(* Let $L$ and $L_0$ be finite lattices and let $\phi: L\to L_0$ be a lattice epimorphism (surjective lattice homomorphism). For $y\in L_0$ let $\sigma(y):=\bigwedge\{x\in L:\ \phi(x)=y\}$ be its smallest pre-image. Fix a nonzero element $v\in L$ with $v=\sigma(\phi(v))$, and let $v/w$ be any prime quotient of $L$ (i.e. $w\prec v$). Let $r/s$ be a prime quotient of $L_0$ which is projective to the quotient $\phi(v)/\phi(w)$. Put $\underline{r}:=\sigma(r)$ and $\underline{s}:=\bigvee\{u\in L:\ u\le \underline{r},\ \phi(u)\le s\}$. Then $\underline{r}/\underline{s}$ is a prime quotient of $L$ and it is projective to $v/w$.
   Context: A quotient $a/b$ in a lattice is a pair with $b\le a$; it is prime if $b\prec a$ ($a$ covers $b$). A quotient $a/b$ transposes up to $c/d$ (and $c/d$ transposes down to $a/b$) if $a\wedge d=b$ and $a\vee d=c$; two quotients are transposed if one transposes up or down to the other. Two quotients are projective if they are connected by a finite sequence of quotients in which consecutive members are transposed. *)

From HB Require Import structures.
From mathcomp Require Import all_boot all_order.
Set Implicit Arguments. Unset Strict Implicit. Unset Printing Implicit Defensive.
Import Order.Theory.
Local Open Scope order_scope.

(* A quotient a/b is represented by the pair (a, b). *)

Definition covers {d : Order.disp_t} {T : porderType d} (b a : T) : Prop :=
  b < a /\ forall c : T, b <= c -> c <= a -> c = b \/ c = a.

Definition prime_quotient {d : Order.disp_t} {T : porderType d} (q : T * T) : Prop :=
  covers q.2 q.1.

Definition transposes_up {d : Order.disp_t} {T : latticeType d} (q q' : T * T) : Prop :=
  (q.1 `&` q'.2 = q.2) /\ (q.1 `|` q'.2 = q'.1).

Definition transposed {d : Order.disp_t} {T : latticeType d} (q q' : T * T) : Prop :=
  transposes_up q q' \/ transposes_up q' q.

Inductive projective {d : Order.disp_t} {T : latticeType d} : T * T -> T * T -> Prop :=
  | proj_refl q : projective q q
  | proj_step q q' q'' : transposed q q' -> projective q' q'' -> projective q q''.

Definition lattice_morphism {d : Order.disp_t} {T : latticeType d}
  {d0 : Order.disp_t} {T0 : latticeType d0} (phi : T -> T0) : Prop :=
  (forall x y, phi (x `&` y) = phi x `&` phi y) /\
  (forall x y, phi (x `|` y) = phi x `|` phi y).

Definition sigma {d : Order.disp_t} {L : finTBLatticeType d}
  {d0 : Order.disp_t} {L0 : finTBLatticeType d0} (phi : L -> L0) (y : L0) : L :=
  \meet_(x | phi x == y) x.

From HB Require Import structures.
From mathcomp Require Import all_boot all_order.
Import Order.Theory.
Local Open Scope order_scope.
Set Implicit Arguments. Unset Strict Implicit.

(* Send a quotient a/b of L0 to the quotient sigma(a)/b' of L, where b' is the
   largest element below sigma(a) whose image lies below b.  Since phi is a
   surjective lattice morphism, phi(sigma a) = a and phi b' = b, and this lifting
   turns every upward transposition of L0 into one of L; hence it maps a chain of
   transpositions to a chain of transpositions.  It also preserves primeness, and
   it sends phi(v)/phi(w) back to v/w when v = sigma(phi v) and w is covered by v. *)

Section LatticeMorphism.
Variables (d : Order.disp_t) (L : latticeType d).
Variables (d0 : Order.disp_t) (L0 : latticeType d0) (phi : L -> L0).
Hypothesis phi_morph : lattice_morphism phi.

Lemma lmorphI x y : phi (x `&` y) = phi x `&` phi y.
Proof. exact: phi_morph.1. Qed.

Lemma lmorphU x y : phi (x `|` y) = phi x `|` phi y.
Proof. exact: phi_morph.2. Qed.

Lemma lmorph_homo_le : {homo phi : x y / x <= y}.
Proof. by move=> x y xy; rewrite -(join_r xy) lmorphU leUl. Qed.

End LatticeMorphism.

Section LiftQuotient.
Variables (d : Order.disp_t) (L : finTBLatticeType d).
Variables (d0 : Order.disp_t) (L0 : finTBLatticeType d0) (phi : L -> L0).
Hypothesis phi_morph : lattice_morphism phi.
Hypothesis phi_surj : forall y : L0, exists x : L, phi x = y.

Lemma lmorph0 : phi \bot = \bot.
Proof.
have [x phix0] := phi_surj \bot.
by apply/le_anti; rewrite le0x andbT -phix0; apply/(lmorph_homo_le phi_morph)/le0x.
Qed.

Lemma sigma_le x y : phi x = y -> sigma phi y <= x.
Proof. by move=> phixy; apply: meets_inf; rewrite phixy. Qed.

Lemma sigmaK : cancel (sigma phi) phi.
Proof.
move=> y; have [x phixy] := phi_surj y.
have : sigma phi y = \top \/ phi (sigma phi y) = y.
  apply: (big_ind (fun m => m = \top \/ phi m = y)); first by left.
    move=> m1 m2 [->|h1] [->|h2]; rewrite ?meetx1 ?meet1x; auto.
    by right; rewrite (lmorphI phi_morph) h1 h2 meetxx.
  by move=> i /eqP; right.
case=> // sigma_top; move: (sigma_le phixy).
by rewrite sigma_top le1x => /eqP x_top; rewrite -phixy x_top.
Qed.

Lemma sigma_homo_le : {homo sigma phi : y z / y <= z}.
Proof.
move=> y z yz; apply: (@le_trans _ _ (sigma phi y `&` sigma phi z)); last exact: leIr.
by apply: sigma_le; rewrite (lmorphI phi_morph) !sigmaK; apply/meet_l.
Qed.

Definition sup_below (a : L) (b : L0) : L := \join_(u | (u <= a) && (phi u <= b)) u.

Lemma sup_below_le a b : sup_below a b <= a.
Proof. by apply/joinsP => u /andP[]. Qed.

Lemma le_sup_below a b u : u <= a -> phi u <= b -> u <= sup_below a b.
Proof. by move=> ua phiub; apply: joins_sup; rewrite ua phiub. Qed.

Lemma lmorph_sup_below_le a b : phi (sup_below a b) <= b.
Proof.
apply: (big_ind (fun x => phi x <= b)); first by rewrite lmorph0 le0x.
  by move=> x y phixb phiyb; rewrite (lmorphU phi_morph) leUx phixb phiyb.
by move=> u /andP[].
Qed.

Lemma lmorph_sup_below_sigma a b : b <= a -> phi (sup_below (sigma phi a) b) = b.
Proof.
move=> ba; apply/le_anti; rewrite lmorph_sup_below_le /= -{1}(sigmaK b).
apply/(lmorph_homo_le phi_morph)/le_sup_below => //; first exact: sigma_homo_le.
by rewrite sigmaK.
Qed.

Definition lift_quotient (q : L0 * L0) : L * L :=
  (sigma phi q.1, sup_below (sigma phi q.1) q.2).

Lemma lift_quotient_prime q : prime_quotient q -> prime_quotient (lift_quotient q).
Proof.
case: q => a b [/= ba cover_ab]; rewrite /prime_quotient /covers /=.
have phi_lift_b := lmorph_sup_below_sigma (ltW ba).
split.
  rewrite lt_neqAle sup_below_le andbT; apply: contraTneq ba => lift_ba.
  by rewrite -phi_lift_b lift_ba sigmaK ltxx.
move=> c lift_bc ca.
have [phic_b|phic_a] : phi c = b \/ phi c = a.
  apply: cover_ab; first by rewrite -phi_lift_b (lmorph_homo_le phi_morph).
  by rewrite -(sigmaK a) (lmorph_homo_le phi_morph).
- by left; apply/le_anti; rewrite lift_bc andbT le_sup_below // phic_b.
- by right; apply/le_anti; rewrite ca sigma_le.
Qed.

Lemma lift_transposes_up q q' :
  transposes_up q q' -> transposes_up (lift_quotient q) (lift_quotient q').
Proof.
case: q q' => a b [c e] [/= meet_ae join_ae]; rewrite /transposes_up /=.
have sigma_ac : sigma phi a <= sigma phi c by rewrite sigma_homo_le // -join_ae leUl.
have phi_lift_e : phi (sup_below (sigma phi c) e) = e.
  by rewrite lmorph_sup_below_sigma // -join_ae leUr.
split; apply/le_anti/andP; split.
- apply: le_sup_below; first exact: leIl.
  by rewrite (lmorphI phi_morph) phi_lift_e sigmaK meet_ae.
- rewrite lexI sup_below_le le_sup_below //.
    exact: le_trans (sup_below_le _ _) sigma_ac.
  by rewrite (le_trans (lmorph_sup_below_le _ _)) // -meet_ae leIr.
- by rewrite leUx sigma_ac sup_below_le.
- by apply: sigma_le; rewrite (lmorphU phi_morph) phi_lift_e sigmaK.
Qed.

Lemma lift_projective q q' :
  projective q q' -> projective (lift_quotient q) (lift_quotient q').
Proof.
elim=> [p|p p' p'' transp _ IH]; first exact: proj_refl.
by apply: proj_step IH; case: transp => h; [left|right]; apply: lift_transposes_up.
Qed.

Lemma lift_quotient_lmorph v w :
  v = sigma phi (phi v) -> prime_quotient (v, w) -> lift_quotient (phi v, phi w) = (v, w).
Proof.
move=> v_sigma [/= wv cover_wv]; rewrite /lift_quotient /= -v_sigma; congr pair.
have w_lift : w <= sup_below v (phi w) by rewrite le_sup_below // ltW.
have [//|lift_v] := cover_wv _ w_lift (sup_below_le _ _).
have phi_vw : phi v <= phi w by rewrite -{1}lift_v lmorph_sup_below_le.
suff /(lt_le_trans wv) : v <= w by rewrite ltxx.
rewrite v_sigma sigma_le //; apply/le_anti.
by rewrite phi_vw (lmorph_homo_le phi_morph) // ltW.
Qed.

End LiftQuotient.

Theorem lemma1 (d : Order.disp_t) (L : finTBLatticeType d)
  (d0 : Order.disp_t) (L0 : finTBLatticeType d0) (phi : L -> L0)
  (phi_morph : lattice_morphism phi) (phi_surj : forall y : L0, exists x : L, phi x = y)
  (v w : L) (v_nz : v != \bot) (v_sigma : v = sigma phi (phi v))
  (vw_prime : prime_quotient (v, w))
  (r s : L0) (rs_prime : prime_quotient (r, s))
  (rs_proj : projective (r, s) (phi v, phi w)) :
  let r_ := sigma phi r in
  let s_ := \join_(u | (u <= r_) && (phi u <= s)) u in
  prime_quotient (r_, s_) /\ projective (r_, s_) (v, w).
Proof.
move=> r_ s_; split; first exact: (lift_quotient_prime phi_morph phi_surj rs_prime).
rewrite -(lift_quotient_lmorph phi_morph phi_surj v_sigma vw_prime).
exact: (lift_projective phi_morph phi_surj rs_proj).
Qed.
····················
**Exercise prompt:**
Only the lines containing the string "Unset" are needed; pull them out of the records.

**Solution to this problem:**
Set Implicit Arguments. Unset Strict Implicit. Unset Printing Implicit Defensive.
Set Implicit Arguments. Unset Strict Implicit.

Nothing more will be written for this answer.